(* For $k=1,2$ let $p_k,q_k\ge0$ be integers, $l_k=p_k+q_k$, $f_k\in\mathfrak H^{\odot p_k}\otimes\mathfrak H^{\odot q_k}$, and let $h_k$ be the reverse complex conjugate of $f_k$. Then for $0\le i\le p_1\wedge q_2$ and $0\le j\le q_1\wedge p_2$, $$\|f_1\tilde\otimes_{i,j}f_2\|_{\mathfrak H^{\otimes(l_1+l_2-2(i+j))}}\le\|f_1\otimes_{i,j}f_2\|_{\mathfrak H^{\otimes(l_1+l_2-2(i+j))}}\le\|f_1\|_{\mathfrak H^{\otimes l_1}}\|f_2\|_{\mathfrak H^{\otimes l_2}},$$ and $$\|f_1\otimes_{i,j}f_2\|^2_{\mathfrak H^{\otimes(l_1+l_2-2(i+j))}}\le\frac12\|f_1\otimes_{p_1-i,q_1-j}h_1\|^2_{\mathfrak H^{\otimes 2(i+j)}}+\frac12\|f_2\otimes_{p_2-j,q_2-i}h_2\|^2_{\mathfrak H^{\otimes 2(i+j)}}.$$
   Context: Let $\mathfrak H$ be a complex separable Hilbert space with orthonormal basis $\{e_k\}_{k\ge1}$, and let $Z=\{Z(h):h\in\mathfrak H\}$ be a complex isonormal Gaussian process: a centered symmetric complex Gaussian family with $\mathbb E[Z(h)^2]=0$ and $\mathbb E[Z(g)\overline{Z(h)}]=\langle g,h\rangle_{\mathfrak H}$. The complex Hermite polynomials $H_{p,q}$ are defined by $\exp\{\lambda\bar z+\bar\lambda z-2|\lambda|^2\}=\sum_{p,q\ge0}\frac{\bar\lambda^p\lambda^q}{p!q!}H_{p,q}(z)$. The complex multiple Wiener–Itô integral $I_{p,q}$ on $\mathfrak H^{\odot p}\otimes\mathfrak H^{\odot q}$ is determined by $I_{p,q}\big((\tilde\otimes_k e_k^{\otimes p_k})\otimes(\tilde\otimes_k\overline{e_k}^{\otimes q_k})\big)=\prod_k 2^{-(p_k+q_k)/2}H_{p_k,q_k}(\sqrt2 Z(e_k))$ ($\sum p_k=p,\sum q_k=q$), extended linearly and continuously. The reverse complex conjugate of $f\in\mathfrak H^{\odot p}\otimes\mathfrak H^{\odot q}$ is the $h\in\mathfrak H^{\odot q}\otimes\mathfrak H^{\odot p}$ with $\overline{I_{p,q}(f)}=I_{q,p}(h)$ (for $\mathfrak H=L^2_{\mathbb C}(T,\mu)$: $h(t_1..t_q;s_1..s_p)=\overline{f(s_1..s_p;t_1..t_q)}$). For $f\in\mathfrak H^{\odot a}\otimes\mathfrak H^{\odot b}$, $g\in\mathfrak H^{\odot c}\otimes\mathfrak H^{\odot d}$, $0\le i\le a\wedge d$, $0\le j\le b\wedge c$, the contraction is $f\otimes_{i,j}g=\sum_{l_1,\dots,l_{i+j}}\langle f,e_{l_1}\otimes\cdots\otimes e_{l_i}\otimes\overline{e_{l_{i+1}}}\otimes\cdots\otimes\overline{e_{l_{i+j}}}\rangle\otimes\langle g,e_{l_{i+1}}\otimes\cdots\otimes e_{l_{i+j}}\otimes\overline{e_{l_1}}\otimes\cdots\otimes\overline{e_{l_i}}\rangle\in\mathfrak H^{\otimes(a+c-i-j)}\otimes\mathfrak H^{\otimes(b+d-i-j)}$; for $\mathfrak H=L^2_{\mathbb C}$, $f\otimes_{i,j}g(t_1..t_{a+c-i-j};s_1..s_{b+d-i-j})=\int f(t_1..t_{a-i},u_1..u_i;s_1..s_{b-j},v_1..v_j)\,g(t_{a-i+1}..t_{a+c-i-j},v_1..v_j;s_{b-j+1}..s_{b+d-i-j},u_1..u_i)\,d\vec u\,d\vec v$. $f\otimes_{0,0}g=f\otimes g$. $f\tilde\otimes_{i,j}g$ denotes the symmetrization of $f\otimes_{i,j}g$ (separately in its first $a+c-i-j$ and last $b+d-i-j$ arguments). *)

From HB Require Import structures.
From mathcomp Require Import all_boot all_order all_algebra all_fingroup.
From mathcomp Require Import all_classical all_reals all_analysis.
From mathcomp Require Import complex.
Set Implicit Arguments. Unset Strict Implicit. Unset Printing Implicit Defensive.
Import Order.TTheory GRing.Theory Num.Theory.
Local Open Scope classical_set_scope.
Local Open Scope ring_scope.
(* Let $n\ge2$ and let $M\in\mathbb{R}^{n\times n}$ be Metzler, output unstable and nonsingular. Then (a) $S^TM^{-1}e_n\ge0$ and $e_n^TM^{-1}S\ge0$ entrywise, and $e_n^TM^{-1}e_n>0$; (b) for every $b_0\in\mathbb{R}^n_{\ge0}$, $g_0:=-e_n^TM^{-1}b_0\le0$, and $g_n:=-e_n^TM^{-1}e_n<0$.
   Context: $S:=[e_1\ \cdots\ e_{n-1}]\in\mathbb{R}^{n\times(n-1)}$, with $e_i$ the standard basis vectors. Metzler: all off-diagonal entries nonnegative. Hurwitz stable: all eigenvalues have negative real part. A matrix $M\in\mathbb{R}^{n\times n}$ is output unstable if $S^TMS$ is Hurwitz stable and $e_n^TMe_n>0$. *)

From HB Require Import structures.
From mathcomp Require Import all_boot all_order all_algebra.
From mathcomp Require Import reals.
From mathcomp Require Import complex.
Set Implicit Arguments. Unset Strict Implicit. Unset Printing Implicit Defensive.
Import Order.TTheory GRing.Theory Num.Theory.
Local Open Scope ring_scope.
Local Open Scope complex_scope.

(* Matrices are m.+1 x m.+1, i.e. n = m.+1. *)

Definition metzler (R : realType) (k : nat) (M : 'M[R]_k) : Prop :=
  forall i j : 'I_k, i != j -> 0 <= M i j.

Definition hurwitz (R : realType) (k : nat) (M : 'M[R]_k) : Prop :=
  forall z : R[i], root (char_poly (map_mx (fun x : R => x%:C) M)) z ->
    Re z < 0.

(* S = [e_1 ... e_{n-1}] in R^{n x (n-1)} with n = m.+1. *)
Definition Smx (R : realType) (m : nat) : 'M[R]_(m.+1, m) :=
  \matrix_(i < m.+1, j < m) (i == widen_ord (leqnSn m) j)%:R.

Definition en (R : realType) (m : nat) : 'cV[R]_m.+1 :=
  \col_(i < m.+1) (i == ord_max)%:R.

Definition output_unstable (R : realType) (m : nat) (M : 'M[R]_m.+1) : Prop :=
  hurwitz ((Smx R m)^T *m M *m Smx R m) /\ 0 < ((en R m)^T *m M *m en R m) 0 0.

Definition nonneg_mx (R : realType) (p q : nat) (A : 'M[R]_(p, q)) : Prop :=
  forall i j, 0 <= A i j.

From HB Require Import structures.
From mathcomp Require Import all_boot all_order all_algebra.
From mathcomp Require Import reals complex polyrcf.
From mathcomp Require Import ring lra.
Set Implicit Arguments. Unset Strict Implicit. Unset Printing Implicit Defensive.
Import Order.TTheory GRing.Theory Num.Theory.
Local Open Scope ring_scope.

(* A Metzler matrix A whose characteristic polynomial has no real root in
   [l, +oo[ has an entrywise nonnegative resolvent (l I - A)^-1.  By induction
   on the size: split off the first row and column and invert l I - A through
   the Schur complement of its lower right block, which is positive because
   det (l I - A) > 0; the induction hypothesis also controls the lower right
   block, whose characteristic polynomial cannot have a root beyond l either.
   Hurwitz stability of the leading block A = S^T M S gives l = 0, hence
   (-A)^-1 >= 0.  Splitting M M^-1 = M^-1 M = I along the last coordinate then
   expresses the last column and row of M^-1 as (-A)^-1 (S^T M e) y and
   y (e^T M S) (-A)^-1, where the corner y = e^T M^-1 e satisfies
   ((e^T M S) (-A)^-1 (S^T M e) + e^T M e) y = 1, so that y > 0. *)

Local Notation noroot p := (forall x, ~~ root p x).

Lemma horner_char_poly (R : comNzRingType) n (A : 'M[R]_n) x :
  (char_poly A).[x] = \det (x%:M - A).
Proof.
rewrite /char_poly -horner_evalE -det_map_mx /char_poly_mx map_mxB /=.
congr (\det (_ - _)); apply/matrixP => i j; rewrite !mxE ?horner_evalE.
  by case: (i == j); rewrite /= ?mulr1n ?mulr0n ?hornerX ?hornerC.
by rewrite hornerC.
Qed.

----

# ACTIVITY
Take the lines above from the one containing "on the size: split" down to the one containing "((e^T M S) (-A)^-1", and transcribe them exactly, both ends included.

# SOLUTION TO THIS PROBLEM
   on the size: split off the first row and column and invert l I - A through
   the Schur complement of its lower right block, which is positive because
   det (l I - A) > 0; the induction hypothesis also controls the lower right
   block, whose characteristic polynomial cannot have a root beyond l either.
   Hurwitz stability of the leading block A = S^T M S gives l = 0, hence
   (-A)^-1 >= 0.  Splitting M M^-1 = M^-1 M = I along the last coordinate then
   expresses the last column and row of M^-1 as (-A)^-1 (S^T M e) y and
   y (e^T M S) (-A)^-1, where the corner y = e^T M^-1 e satisfies
   ((e^T M S) (-A)^-1 (S^T M e) + e^T M e) y = 1, so that y > 0. *)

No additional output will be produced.